▸ **Task brief**
Read the data below. Every line holding the string "apply" must be copied.

[Data records]
──────────────────────────────
(* Let $\theta\le0$ be such that $F_\theta(t_1,t_2)=t_1^{\,1+\theta\log t_2}\,t_2$, $0<t_1,t_2<1$, is a bivariate distribution function. Let $X=(X_1,X_2)$ be a nonnegative bivariate random vector with absolutely continuous distribution function $F$ supported in $(0,1)^2$, finite $\overline\varepsilon^*_i(X;t_1,t_2)$ and bivariate EIT components $m_i^X(t_1,t_2)$. Then $$\overline\varepsilon^*_i(X;t_1,t_2)=\left(\frac{1+\theta\log t_j}{2+\theta\log t_j}\right)m_i^X(t_1,t_2),\qquad i,j\in\{1,2\},\ i\ne j,$$ holds for all $0<t_1,t_2<1$ if and only if $F=F_\theta$, i.e. $F(t_1,t_2)=t_1^{\,1+\theta\log t_2}\,t_2$ for $0<t_1,t_2<1$.
   Context: Let $F(x_1,x_2)=P(X_1\le x_1,X_2\le x_2)$. For $t_1,t_2>0$ with $F(t_1,t_2)>0$ define the conditional dynamic cumulative past entropies (CDCPE) $$\overline\varepsilon^*_1(X;t_1,t_2)=-\int_0^{t_1}\frac{F(x_1,t_2)}{F(t_1,t_2)}\log\frac{F(x_1,t_2)}{F(t_1,t_2)}dx_1,\qquad \overline\varepsilon^*_2(X;t_1,t_2)=-\int_0^{t_2}\frac{F(t_1,x_2)}{F(t_1,t_2)}\log\frac{F(t_1,x_2)}{F(t_1,t_2)}dx_2,$$ and the components of the bivariate expected inactivity time $m_1^X(t_1,t_2)=\frac{1}{F(t_1,t_2)}\int_0^{t_1}F(x_1,t_2)dx_1$, $m_2^X(t_1,t_2)=\frac{1}{F(t_1,t_2)}\int_0^{t_2}F(t_1,x_2)dx_2$ (i.e. $m_i^X(t_1,t_2)=E(t_i-X_i\mid X_1<t_1,X_2<t_2)$). *)

From Stdlib Require Import Reals Lra List ClassicalEpsilon.
Open Scope R_scope.
Theorem lemma7p2 (R : realType)
  (Th Y : pmetricType R) (A : finType) (a0 : A) (Xs : set (SS a0))
  (T : Y -> Y) (nu : probability (Borel Y) R)
  (f : Th -> SS a0 -> R) (mu : Th -> probability (SSB R a0) R)
  (l : Th -> SS a0 -> Y -> R) (lstar : Y -> R) (rho : R -> Y -> R)
  (pi0 : probability (Borel Th) R)
  (P0 : probability (Borel Th * SSB R a0)%type R) :
  (* observed system *)
  metric_complete Y -> metric_separable Y ->
  measurable_fun setT (T : Borel Y -> Borel Y) ->
  T_invariant nu T -> T_ergodic nu T ->
  (* model system *)
  is_SFT Xs -> top_mixing R Xs ->
  compact [set: Th] ->
  regular_family Xs f -> (forall th, is_Gibbs Xs (f th) (mu th)) ->
  (* loss *)
  loss_continuous Xs l ->
  (forall th x y, Xs x -> `|l th x y| <= lstar y) ->
  nu.-integrable setT (fun y => (lstar y)%:E) ->
  (forall de : R, 0 < de ->
     measurable_fun setT (rho de : Borel Y -> R) /\ (forall y, 0 < rho de y)) ->
  (forall de : R, 0 < de -> forall th th' x x' y, Xs x -> Xs x' ->
     mdist th th' <= de -> dX x x' <= de ->
     `|l th x y - l th' x' y| <= rho de y) ->
  (forall e : R, 0 < e -> exists2 r : R, 0 < r &
     forall de : R, 0 < de < r -> (\int[nu]_y (rho de y)%:E < e%:E)%E) ->
  (* prior *)
  full_support pi0 ->
  (forall E : set (Borel Th * SSB R a0)%type, measurable E ->
     P0 E = (\int[pi0]_th (\int[mu th]_x (\1_E (th, x))%:E))%E) ->
  (* the lemma *)
  forall (de : R) (alpha : set (set Th)) (beta : set (set (SS a0))),
  0 < de ->
  finite_meas_partition (alpha : set (set (Borel Th))) ->
  (part_diam mdist alpha < de%:E)%E ->
  central_partition Xs beta ->
  (part_diam dX beta < de%:E)%E ->
  forall (eta : probability (Borel Th * SSB R a0)%type R),
  eta (setT `*` Xs) = 1%E ->
  forall (y : Y) (n : nat), (1 <= n)%N ->
  (\int[eta]_z (gn l T n z.1 z.2 y)%:E
     - KL eta P0 (prod_part alpha (join_iter beta n)) <=
   (ln (fine (\int[P0]_z (expR (gn l T n z.1 z.2 y))%:E))
     + \sum_(k < n) rho de (iter k T y))%:E)%E.
Proof.
move=> _ _ _ _ _ SFT _ _ _ Gibbs _ _ _ _ l_rho _ _ P0E de alpha beta de0 alpha_part
  alpha_diam beta_central beta_diam eta etaU y n _.
pose J := join_iter beta n; have [alpha_fin alpha_meas _ _] := alpha_part.
have mXs := measurable_SFT (R:=R) SFT.
have mU : measurable (setT `*` Xs : set (Borel Th * SSB R a0)%type) by exact: measurableX.
have P0U : P0 (setT `*` Xs) = 1%E.
  by apply: mixture_setX_full P0E mXs _ => th; case: (Gibbs th).
have cover z : (setT `*` Xs) z -> exists2 C, prod_part alpha J C & C z.
  apply: prod_part_cover z => [th _|x Xx].
    exact: (finite_meas_partition_cover alpha_part).
  apply: join_iter_cover => k; apply: (central_partition_cover beta_central).
  exact/(SFT_iter_shift SFT).
apply: (@KL_variational_bound _ _ _ eta P0 (prod_part alpha J)).
- apply: finite_image2 alpha_fin _.
  exact/join_iter_finite/(central_partition_finite beta_central).
- move=> _ [C aC [B jB <-]]; apply: measurableX; first exact: alpha_meas.
  apply: measurable_join_iter jB => k B' bB'.
  exact: (measurable_preimage_central beta_central k SFT bB').
- apply: prod_part_triv; first exact: finite_meas_partition_triv alpha_part.
  exact/join_iter_triv/(central_partition_triv beta_central).
- exact: full_probability_ae mU etaU cover.
- exact: full_probability_ae mU P0U cover.
- move=> _ z z' [C aC [B jB <-]] [Cz Bz] [Cz' Bz']; apply: gn_le_add => k kn.
  have [B' bB' [B'z B'z']] := join_iter_iter_cell jB Bz Bz' kn.
  have B'Xs := central_partition_sub beta_central bB'.
  apply: l_rho => //; [exact: B'Xs|exact: B'Xs|..].
  - exact: ltW (lt_part_diam alpha_diam aC Cz Cz').
  - exact: ltW (lt_part_diam beta_diam bB' B'z B'z').
Qed.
──────────────────────────────
▸ **Worked solution**
  by apply: mixture_setX_full P0E mXs _ => th; case: (Gibbs th).
  apply: prod_part_cover z => [th _|x Xx].
  apply: join_iter_cover => k; apply: (central_partition_cover beta_central).
apply: (@KL_variational_bound _ _ _ eta P0 (prod_part alpha J)).
- apply: finite_image2 alpha_fin _.
- move=> _ [C aC [B jB <-]]; apply: measurableX; first exact: alpha_meas.
  apply: measurable_join_iter jB => k B' bB'.
- apply: prod_part_triv; first exact: finite_meas_partition_triv alpha_part.
- move=> _ z z' [C aC [B jB <-]] [Cz Bz] [Cz' Bz']; apply: gn_le_add => k kn.
  apply: l_rho => //; [exact: B'Xs|exact: B'Xs|..].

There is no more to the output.